--- Extracted entries ---

Inductive in_submodule_gen (G : Type) (N : zmodType) (act : G -> N -> N)
    (S : N -> Prop) : N -> Prop :=
  | sm_base x : S x -> in_submodule_gen act S x
  | sm_zero : in_submodule_gen act S 0%R
  | sm_add x y : in_submodule_gen act S x -> in_submodule_gen act S y ->
                 in_submodule_gen act S (x + y)%R
  | sm_opp x : in_submodule_gen act S x -> in_submodule_gen act S (- x)%R
  | sm_act g x : in_submodule_gen act S x -> in_submodule_gen act S (act g x).

Definition module_generated_by (G : Type) (N : zmodType) (act : G -> N -> N)
    (M : N -> Prop) (gens : seq N) : Prop :=
  (forall x, List.In x gens -> M x) /\
  (forall x, M x <-> in_submodule_gen act (fun y => List.In y gens) x).

Definition has_index (N : zmodType) (N0 : N -> Prop) (b : nat) : Prop :=
  exists reps : seq N, size reps = b /\
    (forall i j, (i < b)%N -> (j < b)%N -> N0 (nth 0%R reps i - nth 0%R reps j)%R -> i = j) /\
    (forall x : N, exists i, (i < b)%N /\ N0 (x - nth 0%R reps i)%R).

Definition gen_bound (t d b : nat) : R :=
  Rplus (INR t) (Rmult (INR (2 * d + 1)) (Rdiv (ln (INR b)) (ln (INR 2)))).
(* In the disclosure game described in the context, for any information structure $(X,\pi^S)$ with $\varnothing\notin X$, an equilibrium exists, and in every equilibrium $(\sigma,(\mu^B_m))$ the distribution of Buyer's posterior mean $q^B_{\sigma(x)}$ (with $x$ distributed according to the signal distribution) equals $\mu^S$.
   Context: Let $0<q_\ell<q_h<\infty$, $Q=[q_\ell,q_h]$, and let $c$ be a real number with $0<c<q_\ell$. Let $F$ be a probability distribution on $[0,1]$ with support $[0,1]$ admitting a twice continuously differentiable density $f:(0,1)\to\mathbb{R}_{>0}$. Define $r(v)=(1-F(v))/f(v)$ and $\psi(v)=v-r(v)$ on $(0,1)$, and assume $\psi'(v)>0$ whenever $\psi(v)>0$. For $q\in Q$, $p(q)$ is the unique maximizer over $p\in\mathbb{R}$ of $(p-c)\big(1-F(p/q)\big)$, and let $R(q)=(p(q)-c)\big(1-F(p(q)/q)\big)$. The quality $q$ is drawn from a prior $\mu\in\Delta(Q)$ with support $Q$. Seller's information structure $(X,\pi^S)$ consists of a measurable signal space $X$ with $\varnothing\notin X$ and $\pi^S:Q\to\Delta(X)$; on observing $x$, Seller forms the Bayesian posterior $\mu^S_x$, and $\mu^S$ is the distribution of $\mathbb{E}_{\mu^S_x}[q]$. A disclosure strategy is a measurable $\sigma:X\to X\cup\{\varnothing\}$ with $\sigma(x)\in\{x,\varnothing\}$ for all $x$. Buyer's beliefs are $(\mu^B_m)_{m\in X\cup\{\varnothing\}}$ with posterior means $q^B_m=\mathbb{E}_{\mu^B_m}[q]$. A pair $(\sigma,(\mu^B_m))$ is an equilibrium if (i) for every $x\in X$, $\sigma(x)\in\arg\max_{m\in\{x,\varnothing\}} R(q^B_m)$; and (ii) $\mu^B_m=\mu^S_m$ for $m\in X$, and $\mu^B_\varnothing=\mathbb{E}[\mu^S_x\mid\sigma(x)=\varnothing]$ when this conditional expectation is well defined (otherwise $\mu^B_\varnothing$ is arbitrary). *)

From HB Require Import structures.
From mathcomp Require Import all_boot all_order all_algebra.
From mathcomp Require Import all_classical all_reals all_analysis.
Set Implicit Arguments. Unset Strict Implicit. Unset Printing Implicit Defensive.
Import Order.TTheory GRing.Theory Num.Theory.
Import numFieldNormedType.Exports.
Local Open Scope classical_set_scope.
Local Open Scope ring_scope.

Section Disclosure.
Context {R : realType}.

Definition rr (F f : R -> R) (v : R) : R := (1 - F v) / f v.
Definition psi (F f : R -> R) (v : R) : R := v - rr F f v.

Definition profit (F : R -> R) (c q p : R) : R := (p - c) * (1 - F (p / q)).

Definition Rrev (F : R -> R) (c : R) (pf : R -> R) (q : R) : R :=
  profit F c q (pf q).

Definition pmean (P : {measure set R -> \bar R}) : R := fine (\int[P]_q (q%:E))%E.

Context {d : measure_display} {X : measurableType d}.

Definition signal_prob (mu : probability R R) (pi : R.-pker R ~> X)
  (B : set X) : \bar R := (\int[mu]_q pi q B)%E.

(* Bayesian posteriors: post is a version of the conditional distribution of
   q given x, i.e. for all measurable A, B:
   P(q in A, x in B) = int_{x in B} post x A dnu(x)  *)
Definition is_posterior (mu : probability R R) (pi : R.-pker R ~> X)
  (post : R.-pker X ~> R) : Prop :=
  forall (A : set R) (B : set X), measurable A -> measurable B ->
    (\int[mu]_(q in A) pi q B = \int[mu]_q \int[pi q]_(x in B) post x A)%E.

(* A disclosure strategy sigma : X -> X u {empty} with sigma x in {x, empty}
   is represented by its (measurable) non-disclosure set N = sigma^-1(empty).
   Messages are [option X]: [Some x] = x, [None] = the empty message. *)
Definition sigma_of (N : set X) (x : X) : option X :=
  if `[< N x >] then None else Some x.

Definition qB (muB : option X -> probability R R) (m : option X) : R :=
  pmean (muB m).

Definition is_equilibrium (ql qh : R) (F : R -> R) (c : R) (pf : R -> R)
  (mu : probability R R) (pi : R.-pker R ~> X)
  (post : R.-pker X ~> R)
  (N : set X) (muB : option X -> probability R R) : Prop :=
  [/\ measurable N,
      (forall m, muB m `[ql, qh]%classic = 1%E) /\
      (forall x, N x ->
         Rrev F c pf (qB muB (Some x)) <= Rrev F c pf (qB muB None)),
      (forall x, ~ N x ->
         Rrev F c pf (qB muB None) <= Rrev F c pf (qB muB (Some x))),
      (forall x, (muB (Some x) : set R -> \bar R) = post x) &
      ((0 < signal_prob mu pi N)%E ->
        forall A : set R, measurable A ->
          muB None A =
          ((\int[mu]_q \int[pi q]_(x in N) post x A) / signal_prob mu pi N)%E)].

End Disclosure.

(* The seller's revenue R(q) is strictly increasing on Q: at a higher quality
   q' she can charge the optimal price for q scaled by q'/q, which keeps the
   sale probability and raises the margin.  Hence full disclosure, with the
   skeptical belief that silence means quality ql, is an equilibrium; and in any
   equilibrium every withheld signal has posterior mean at most the buyer's
   mean q0 after silence.  By consistency q0 is the average of these posterior
   means over the withheld signals, so they all equal q0 almost surely: the
   buyer's posterior mean coincides almost surely with the seller's. *)

From HB Require Import structures.
From mathcomp Require Import all_boot all_order all_algebra.
From mathcomp Require Import all_classical all_reals all_analysis.
From mathcomp Require Import measurable_realfun.
Set Implicit Arguments. Unset Strict Implicit. Unset Printing Implicit Defensive.
Import Order.TTheory GRing.Theory Num.Theory.
Import numFieldNormedType.Exports.
Local Open Scope classical_set_scope.
Local Open Scope ring_scope.

Lemma cdf_le1 (R : realType) (F f : R -> R) :
  (forall v : R, v <= 0 -> F v = 0) -> (forall v : R, 1 <= v -> F v = 1) ->
  (forall v : R, 0 <= v <= 1 ->
     (\int[@lebesgue_measure R]_(t in `[0%R, v]) (f t)%:E)%E = (F v)%:E) ->
  (forall v : R, 0 < v < 1 -> 0 < f v) ->
  (forall v : R, 0 < v < 1 -> derivable f v 1) ->
  forall v, F v <= 1.
Proof.
move=> F0 F1 Ff f_gt0 f_der v.
have [v_le0|v_gt0] := leP v 0; first by rewrite F0.
have [v_ge1|v_lt1] := leP 1 v; first by rewrite F1.
have mf : measurable_fun (`]0, 1[ : set R) (EFin \o f).
  apply/measurable_EFinP; apply: open_continuous_measurable_fun.
    exact: interval_open.
  move=> x; rewrite inE /= in_itv /= => x01.
  exact/differentiable_continuous/derivable1_diffP/f_der.
have sub_v1 : `]0, v[ `<=` (`]0, 1[ : set R).
  by apply: subset_itvl; rewrite bnd_simp ltW.
rewrite -lee_fin -Ff ?(ltW v_gt0) ?(ltW v_lt1)// -(F1 1)// -Ff ?ler01 ?lexx//.
rewrite !(@integral_itv_bndoo _ _ _ _ true false)//; last exact: measurable_funS mf.
apply: ge0_subset_integral => // x; rewrite /= in_itv /= => x01.
by rewrite lee_fin ltW// f_gt0.
Qed.

Section revenue.
Variables (R : realType) (ql qh c : R) (F pf : R -> R).
Hypotheses (c_gt0 : 0 < c) (c_lt_ql : c < ql).
Hypotheses (F1 : forall v, 1 <= v -> F v = 1) (F_le1 : forall v, F v <= 1).
Hypothesis pf_argmax : forall q, ql <= q <= qh ->
  forall p, p != pf q -> profit F c q p < profit F c q (pf q).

---

[What to do] Each line from the beginning of the entries to the line with "S (act g x)." must be repeated exactly, with both end lines kept and no other lines given.

[Worked solution]
Inductive in_submodule_gen (G : Type) (N : zmodType) (act : G -> N -> N)
    (S : N -> Prop) : N -> Prop :=
  | sm_base x : S x -> in_submodule_gen act S x
  | sm_zero : in_submodule_gen act S 0%R
  | sm_add x y : in_submodule_gen act S x -> in_submodule_gen act S y ->
                 in_submodule_gen act S (x + y)%R
  | sm_opp x : in_submodule_gen act S x -> in_submodule_gen act S (- x)%R
  | sm_act g x : in_submodule_gen act S x -> in_submodule_gen act S (act g x).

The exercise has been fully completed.